Question au Gouvernement n° 2682 :
Brexit et zones franches économiques

15e Législature

Question de : M. Paul Christophe
Nord (14e circonscription) - UDI, Agir et Indépendants

Question posée en séance, et publiée le 12 février 2020


BREXIT ET ZONES FRANCHES ÉCONOMIQUES

M. le président. La parole est à M. Paul Christophe.

M. Paul Christophe. Ma question s’adresse à Monsieur le Premier ministre.
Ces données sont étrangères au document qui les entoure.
(* Let $V$ be a complex vector space of dimension $n$ and let $K\subseteq\bigwedge^2V$ be a subspace of dimension $2n-3$ such that $\mathbf{P}(K^\perp)\cap\mathrm{Gr}_2(V^\vee)\neq\emptyset$. Then $\dim W_q(V,K)\geq q+1$ for all $q\geq 0$.
   Context: $K^\perp\subseteq\bigwedge^2V^\vee$ is the annihilator of $K$, and $\mathrm{Gr}_2(V^\vee)\subseteq\mathbf{P}(\bigwedge^2V^\vee)$ is the Plücker embedding. $W_q(V,K)$ is the middle cohomology of $K\otimes\operatorname{Sym}^qV\to V\otimes\operatorname{Sym}^{q+1}V\to\operatorname{Sym}^{q+2}V$, with the first map the restriction of the Koszul differential $v_1\wedge v_2\otimes f\mapsto v_2\otimes v_1f-v_1\otimes v_2f$ and the second multiplication. *)

From HB Require Import structures.
From mathcomp Require Import all_boot all_order all_algebra.
From mathcomp Require Import reals Rstruct complex.
From Stdlib Require Reals.

Set Implicit Arguments.
Unset Strict Implicit.
Unset Printing Implicit Defensive.

Import Order.TTheory GRing.Theory Num.Theory.
Local Open Scope ring_scope.

Definition CC : fieldType := (Rdefinitions.R)[i].

(* V = C^n with standard basis e_0, ..., e_{n-1}; V^vee has the dual basis. *)
Definition Vsp (n : nat) := {ffun 'I_n -> CC^o}.

(* Index set of the basis e_i /\ e_j (i < j) of  /\^2 V. *)
Definition pairs (n : nat) := {p : 'I_n * 'I_n | (p.1 < p.2)%N}.

(* /\^2 V, in coordinates w.r.t. the basis e_i /\ e_j, i < j.
   The same type is used for /\^2 V^vee in the dual basis
   e_i^* /\ e_j^*, i < j. *)
Definition Wedge2 (n : nat) := {ffun pairs n -> CC^o}.

(* Monomials of degree q in the n variables x_0..x_{n-1}
   (x_i = e_i seen in Sym^1 V), given by their exponent vectors. *)
Definition mono (n q : nat) :=
  {m : {ffun 'I_n -> 'I_q.+1} | (\sum_(i < n) (m i : nat))%N == q}.

Definition Sym (n q : nat) := {ffun mono n q -> CC^o}.

(* Multiplication by the variable x_i : Sym^q V -> Sym^(q+1) V :
   the coefficient of m in x_i f is the coefficient in f of the monomial
   m' with m' + x_i = m (if any). *)
Definition xmul (n q : nat) (i : 'I_n) (f : Sym n q) : Sym n q.+1 :=
  [ffun m : mono n q.+1 =>
     \sum_(m' : mono n q |
            [forall j : 'I_n, ((val m' j : nat) + (j == i) == val m j)%N])
       f m'].

(* Pure tensor v (x) g  in  V (x) Sym^p V = {ffun 'I_n -> Sym n p}. *)
Definition tensV (n p : nat) (v : Vsp n) (g : Sym n p) : {ffun 'I_n -> Sym n p} :=
  [ffun l => v l *: g].

Definition evec (n : nat) (j : 'I_n) : Vsp n := [ffun l => (l == j)%:R].

(* Pure tensor k (x) f  in  /\^2 V (x) Sym^q V = {ffun pairs n -> Sym n q}. *)
Definition tens2 (n q : nat) (k : Wedge2 n) (f : Sym n q) : {ffun pairs n -> Sym n q} :=
  [ffun p => k p *: f].

(* The Koszul differential  /\^2 V (x) Sym^q V -> V (x) Sym^(q+1) V,
   v1 /\ v2 (x) f  |->  v2 (x) v1 f - v1 (x) v2 f,
   written on the basis e_i /\ e_j (x) f (i < j). *)
Definition koszul (n q : nat) (t : {ffun pairs n -> Sym n q})
  : {ffun 'I_n -> Sym n q.+1} :=
  \sum_(p : pairs n)
     (tensV (evec (val p).2) (xmul (val p).1 (t p))
      - tensV (evec (val p).1) (xmul (val p).2 (t p))).

Definition multmap (n q : nat) (g : {ffun 'I_n -> Sym n q.+1}) : Sym n q.+2 :=
  \sum_(l : 'I_n) xmul l (g l).

Definition tensK (n q : nat) (K : {vspace Wedge2 n})
  : {vspace {ffun pairs n -> Sym n q}} :=
  <<[seq tens2 k f | k <- vbasis K, f <- vbasis (fullv : {vspace Sym n q})]>>%VS.

(* Middle cohomology W_q(V,K) of
   K (x) Sym^q V -> V (x) Sym^(q+1) V -> Sym^(q+2) V,
   its dimension being dim ker - dim im (the image lies in the kernel). *)
Definition Wker (n q : nat) : {vspace {ffun 'I_n -> Sym n q.+1}} :=
  lker (linfun (@multmap n q)).

Definition Wim (n q : nat) (K : {vspace Wedge2 n})
  : {vspace {ffun 'I_n -> Sym n q.+1}} :=
  (linfun (@koszul n q) @: tensK q K)%VS.

Definition dimW (n q : nat) (K : {vspace Wedge2 n}) : nat :=
  (\dim (Wker n q) - \dim (Wim q K))%N.

Definition wedge2 (n : nat) (phi psi : Vsp n) : Wedge2 n :=
  [ffun p : pairs n => phi (val p).1 * psi (val p).2 - phi (val p).2 * psi (val p).1].

Definition pairing (n : nat) (w k : Wedge2 n) : CC :=
  \sum_(p : pairs n) w p * k p.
Le Premier ministre britannique Boris Johnson a annoncé ce week-end qu’il souhaitait créer outre-Manche, d’ici à la fin 2021, jusqu’à dix ports francs bénéficiant de règles fiscales et sociales avantageuses. Dans un communiqué, le gouvernement britannique explique vouloir « accroître l’activité commerciale de ces ports, y attirer les investissements étrangers et augmenter la productivité », afin d’y créer « des milliers d’emplois » et, pour ce faire, se dit prêt à planifier des investissements d’infrastructures, évoquant la possibilité d’y instaurer une « flexibilité tarifaire, des facilités douanières et des mesures fiscales ». Le but : « […] faire en sorte que les ports britanniques profitent » du Brexit.

Or l’instauration de ces ports francs risque d’éloigner les investissements de nos côtes au profit de celles du Royaume-Uni ! En dépit de l’attractivité qu'exerce la France en Europe, certains grands projets de développement industriel se concrétisent déjà aujourd'hui dans d’autres pays européens. L’instauration de ces zones franches britanniques risque d’accentuer cet effet d’évitement. Il est donc nécessaire de prévoir des solutions concrètes et rationnelles pour que nos territoires bénéficient des retombées positives de l’installation de nouveaux établissements industriels.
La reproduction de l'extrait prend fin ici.